Prior to entering politics, Pihei had been a secretary in the provincial government, operated a printing and secretarial business, and served as a community worker in her Konnou area of Buin district. She was a founding member of the Bougainville Women's Federation and had been president for its South Bougainville sub-region. She was first ielected to the House of Representatives at the June 2010 election, defeating Laura Ampa.

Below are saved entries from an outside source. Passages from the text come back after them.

(* Fix parameters $\gamma\in(0,1)$, $a\in(1,1/\gamma)$ and $\kappa\in(0,1]$. For large $T$, with $N=[T^{\kappa}]$ and with $f$, $\mathcal{M}$, $R$, $\Phi$ as defined in the context, \[ \int_{-\infty}^{\infty}|R(t)|^2\,\Phi\Big(\frac tT\Big)\,dt \ll T\sum_{n\in\mathcal{M}}f(n)^2, \] with an implied constant independent of $T$.
   Context: Write $\log_2x=\log\log x$, $\log_3 x=\log\log\log x$, and $\Phi(t):=e^{-t^2/2}$. Let $P$ be the set of primes $p$ with $e\log N\log_2N<p\le \log N\exp((\log_2N)^{\gamma})\log_2N$. Let $f$ be the multiplicative function supported on squarefree integers with $f(p)=\sqrt{\frac{\log N\log_2N}{\log_3N}}\cdot\frac{1}{\sqrt p(\log p-\log_2N-\log_3N)}$ for $p\in P$ and $f(p)=0$ for primes $p\notin P$. For $k=1,\dots,[(\log_2N)^{\gamma}]$ let $P_k$ be the set of primes with $e^k\log N\log_2N<p\le e^{k+1}\log N\log_2N$ and $M_k$ the set of integers having at least $\frac{a\log N}{k^2\log_3N}$ prime divisors in $P_k$; set $\mathcal{M}:=\operatorname{supp}(f)\setminus\bigcup_kM_k$. Let $\mathcal{J}$ be the set of integers $j$ such that $[(1+T^{-1})^j,(1+T^{-1})^{j+1})\cap\mathcal{M}\neq\emptyset$, let $m_j$ be the minimum of this intersection, $\mathcal{M}':=\{m_j:j\in\mathcal{J}\}$, and $r(m_j):=\big(\sum_{n\in\mathcal{M},\,(1+T^{-1})^{j-1}\le n\le(1+T^{-1})^{j+2}}f(n)^2\big)^{1/2}$. Finally $R(t):=\sum_{m\in\mathcal{M}'}r(m)m^{-it}$. *)

From Stdlib Require Import Reals Lra Lia ZArith Arith List Znumtheory ClassicalEpsilon.
From Coquelicot Require Import Coquelicot.
Import ListNotations.
Open Scope R_scope.

Definition dec (P : Prop) : bool :=
  if excluded_middle_informative P then true else false.
Definition ind (P : Prop) : R := if excluded_middle_informative P then 1 else 0.

Definition isprime (p : nat) : Prop := prime (Z.of_nat p).

(* log N, log_2 N = log log N, log_3 N = log log log N *)
Definition L1 (N : nat) : R := ln (INR N).
Definition L2 (N : nat) : R := ln (ln (INR N)).
Definition L3 (N : nat) : R := ln (ln (ln (INR N))).

Definition Nof (kappa T : R) : nat := Z.to_nat (Int_part (Rpower T kappa)).

Definition Uend (gamma : R) (N : nat) : R :=
  L1 N * exp (Rpower (L2 N) gamma) * L2 N.

Definition inP (gamma : R) (N : nat) (p : nat) : Prop :=
  isprime p /\ exp 1 * L1 N * L2 N < INR p /\ INR p <= Uend gamma N.

Definition fp (gamma : R) (N : nat) (p : nat) : R :=
  if excluded_middle_informative (inP gamma N p) then
    sqrt (L1 N * L2 N / L3 N) / (sqrt (INR p) * (ln (INR p) - L2 N - L3 N))
  else 0.

Definition squarefree (n : nat) : Prop :=
  forall p, isprime p -> ~ Nat.divide (p * p) n.

Definition prime_divs (n : nat) : list nat :=
  filter (fun p => andb (dec (isprime p)) (Nat.eqb (n mod p) 0)) (seq 1 n).

(* f: the multiplicative function supported on squarefree integers with
   f(p) = fp p (fp vanishes off P); f(n) = prod_{p | n} f(p) for squarefree n >= 1. *)
Definition fM (gamma : R) (N : nat) (n : nat) : R :=
  if Nat.eqb n 0 then 0 else
  if dec (squarefree n) then fold_right Rmult 1 (map (fp gamma N) (prime_divs n))
  else 0.

Definition Kmax (gamma : R) (N : nat) : nat := Z.to_nat (Int_part (Rpower (L2 N) gamma)).

Definition inPk (N k p : nat) : Prop :=
  isprime p /\ exp (INR k) * L1 N * L2 N < INR p /\
  INR p <= exp (INR k + 1) * L1 N * L2 N.

Definition cntPk (N k n : nat) : nat :=
  length (filter (fun p => dec (inPk N k p)) (prime_divs n)).

Definition inMk (a : R) (N k n : nat) : Prop :=
  INR (cntPk N k n) >= a * L1 N / (INR k ^ 2 * L3 N).

Definition inM (gamma a : R) (N n : nat) : Prop :=
  fM gamma N n <> 0 /\
  forall k : nat, (1 <= k <= Kmax gamma N)%nat -> ~ inMk a N k n.

(* Every element of supp(f) is a product of distinct primes <= Uend, hence
   is <= (ceil Uend)!; all finite sums over calM are taken over n = 0..Bnd. *)
Definition Bnd (gamma : R) (N : nat) : nat := fact (Z.to_nat (up (Uend gamma N))).

Definition sumM (gamma a : R) (N : nat) (g : nat -> R) : R :=
  sum_f_R0 (fun n => ind (inM gamma a N n) * g n) (Bnd gamma N).

Definition qT (T : R) : R := 1 + / T.
Definition in_block (T : R) (j : Z) (n : nat) : Prop :=
  powerRZ (qT T) j <= INR n < powerRZ (qT T) (j + 1).

Definition inM' (gamma a : R) (N : nat) (T : R) (m : nat) : Prop :=
  inM gamma a N m /\
  exists j : Z, in_block T j m /\
    forall n, inM gamma a N n -> in_block T j n -> (m <= n)%nat.

Definition rr (gamma a : R) (N : nat) (T : R) (m : nat) : R :=
  sqrt (sumM gamma a N (fun n =>
     ind (exists j : Z, in_block T j m /\
            powerRZ (qT T) (j - 1) <= INR n <= powerRZ (qT T) (j + 2))
     * fM gamma N n ^ 2)).

Definition mpow (m : nat) (t : R) : C :=
  (cos (t * ln (INR m)), - sin (t * ln (INR m)))%R.

Definition Rsum (gamma a : R) (N : nat) (T : R) (t : R) : C :=
  sum_n (fun m => Cmult (RtoC (ind (inM' gamma a N T m) * rr gamma a N T m)) (mpow m t))
        (Bnd gamma N).

Definition Phi (t : R) : R := exp (- t ^ 2 / 2).

Definition integrand (gamma a kappa T : R) (t : R) : R :=
  (Cmod (Rsum gamma a (Nof kappa T) T t)) ^ 2 * Phi (t / T).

Following the 2010 election, President John Momis initially appointed Joan Jerome to the women's reserved position in the ministry; however, she failed to get support from the three-member women's caucus, which endorsed Pihei. Pihei was then appointed Minister for Community, Women and Youth in June 2010. In October 2012, she was shifted to Minister for Culture and Tourism in a reshuffle following the death of minister Joseph Egilio. In September 2014, she was shifted to Minister for Health. As Minister for Health, she raised concern about the mental health consequences of the Bougainville conflict and the need to provide services. She recontested her seat at the 2015 election, but was defeated.

After her defeat, Pihei remained in public life as President of the Bougainville Women's Forum. She unsuccessfully contested the 2017 national election for the Social Democratic Party.

In the 2025 Bougainvillean general election, Pihei regained her former Bougainville South seat. She serves as deputy speaker.